> [Available records]:
━━━━━━━━━━

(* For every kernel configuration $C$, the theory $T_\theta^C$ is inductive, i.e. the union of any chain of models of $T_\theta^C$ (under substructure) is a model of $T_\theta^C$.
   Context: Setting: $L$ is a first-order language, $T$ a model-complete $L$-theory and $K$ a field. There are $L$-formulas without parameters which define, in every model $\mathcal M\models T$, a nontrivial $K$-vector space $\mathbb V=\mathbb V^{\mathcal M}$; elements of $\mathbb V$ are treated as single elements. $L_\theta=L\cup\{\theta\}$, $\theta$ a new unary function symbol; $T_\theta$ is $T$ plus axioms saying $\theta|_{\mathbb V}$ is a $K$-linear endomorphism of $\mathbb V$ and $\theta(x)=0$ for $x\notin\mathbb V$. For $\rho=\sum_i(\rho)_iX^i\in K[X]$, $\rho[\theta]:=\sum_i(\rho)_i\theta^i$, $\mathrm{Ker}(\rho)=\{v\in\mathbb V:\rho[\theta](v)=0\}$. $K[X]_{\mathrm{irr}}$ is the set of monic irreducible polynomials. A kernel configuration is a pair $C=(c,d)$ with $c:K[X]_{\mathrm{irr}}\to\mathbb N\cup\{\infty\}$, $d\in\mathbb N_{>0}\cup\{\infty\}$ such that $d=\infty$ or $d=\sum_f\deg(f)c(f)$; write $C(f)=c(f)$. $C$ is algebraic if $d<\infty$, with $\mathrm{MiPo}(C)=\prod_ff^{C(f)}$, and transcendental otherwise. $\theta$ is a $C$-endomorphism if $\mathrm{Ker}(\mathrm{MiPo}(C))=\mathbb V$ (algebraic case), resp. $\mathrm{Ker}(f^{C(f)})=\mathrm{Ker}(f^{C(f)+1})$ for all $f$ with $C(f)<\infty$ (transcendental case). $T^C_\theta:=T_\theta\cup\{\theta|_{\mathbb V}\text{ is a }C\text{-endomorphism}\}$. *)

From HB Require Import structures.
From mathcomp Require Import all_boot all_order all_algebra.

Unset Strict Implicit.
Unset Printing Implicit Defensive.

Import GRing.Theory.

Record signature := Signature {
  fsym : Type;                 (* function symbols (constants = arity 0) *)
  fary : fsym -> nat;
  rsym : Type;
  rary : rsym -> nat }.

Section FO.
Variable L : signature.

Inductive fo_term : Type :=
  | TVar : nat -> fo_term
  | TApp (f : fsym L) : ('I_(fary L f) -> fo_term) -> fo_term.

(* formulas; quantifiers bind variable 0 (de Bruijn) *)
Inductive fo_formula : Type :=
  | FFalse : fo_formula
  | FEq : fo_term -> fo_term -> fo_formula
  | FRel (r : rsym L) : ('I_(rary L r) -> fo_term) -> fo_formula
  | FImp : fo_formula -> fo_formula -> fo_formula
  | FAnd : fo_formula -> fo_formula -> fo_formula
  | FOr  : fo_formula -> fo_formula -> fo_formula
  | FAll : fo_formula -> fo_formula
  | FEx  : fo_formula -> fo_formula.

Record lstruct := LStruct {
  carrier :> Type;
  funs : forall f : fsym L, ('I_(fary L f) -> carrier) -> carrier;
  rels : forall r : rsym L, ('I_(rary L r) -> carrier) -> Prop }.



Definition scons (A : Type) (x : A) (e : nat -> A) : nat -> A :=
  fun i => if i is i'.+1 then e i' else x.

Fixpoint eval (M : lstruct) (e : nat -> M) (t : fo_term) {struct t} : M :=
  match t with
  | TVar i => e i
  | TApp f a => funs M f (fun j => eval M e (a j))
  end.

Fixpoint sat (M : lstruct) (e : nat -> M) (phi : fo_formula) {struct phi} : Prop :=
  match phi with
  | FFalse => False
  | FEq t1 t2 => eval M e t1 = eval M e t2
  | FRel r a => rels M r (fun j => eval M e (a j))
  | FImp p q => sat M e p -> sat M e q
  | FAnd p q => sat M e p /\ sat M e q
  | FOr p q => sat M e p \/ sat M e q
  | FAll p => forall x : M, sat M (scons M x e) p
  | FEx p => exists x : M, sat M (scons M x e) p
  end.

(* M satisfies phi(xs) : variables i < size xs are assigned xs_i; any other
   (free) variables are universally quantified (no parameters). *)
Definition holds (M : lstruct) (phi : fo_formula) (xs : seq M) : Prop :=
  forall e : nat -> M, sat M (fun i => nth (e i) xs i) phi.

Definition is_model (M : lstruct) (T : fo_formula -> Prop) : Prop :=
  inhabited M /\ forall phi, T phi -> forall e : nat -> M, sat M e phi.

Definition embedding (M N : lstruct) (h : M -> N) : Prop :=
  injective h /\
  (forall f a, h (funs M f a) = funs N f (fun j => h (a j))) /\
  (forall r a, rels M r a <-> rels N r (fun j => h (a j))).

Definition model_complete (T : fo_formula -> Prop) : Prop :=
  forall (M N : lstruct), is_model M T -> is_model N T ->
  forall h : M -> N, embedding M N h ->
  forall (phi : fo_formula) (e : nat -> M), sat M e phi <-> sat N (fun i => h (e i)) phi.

━━━━━━━━━━

> [Instructions for the task]:
Give back exactly the lines above, from the line containing "Definition embedding (M" through the line containing "Definition model_complete (T", with both end lines and nothing more.

> [Response]:
Definition embedding (M N : lstruct) (h : M -> N) : Prop :=
  injective h /\
  (forall f a, h (funs M f a) = funs N f (fun j => h (a j))) /\
  (forall r a, rels M r a <-> rels N r (fun j => h (a j))).

Definition model_complete (T : fo_formula -> Prop) : Prop :=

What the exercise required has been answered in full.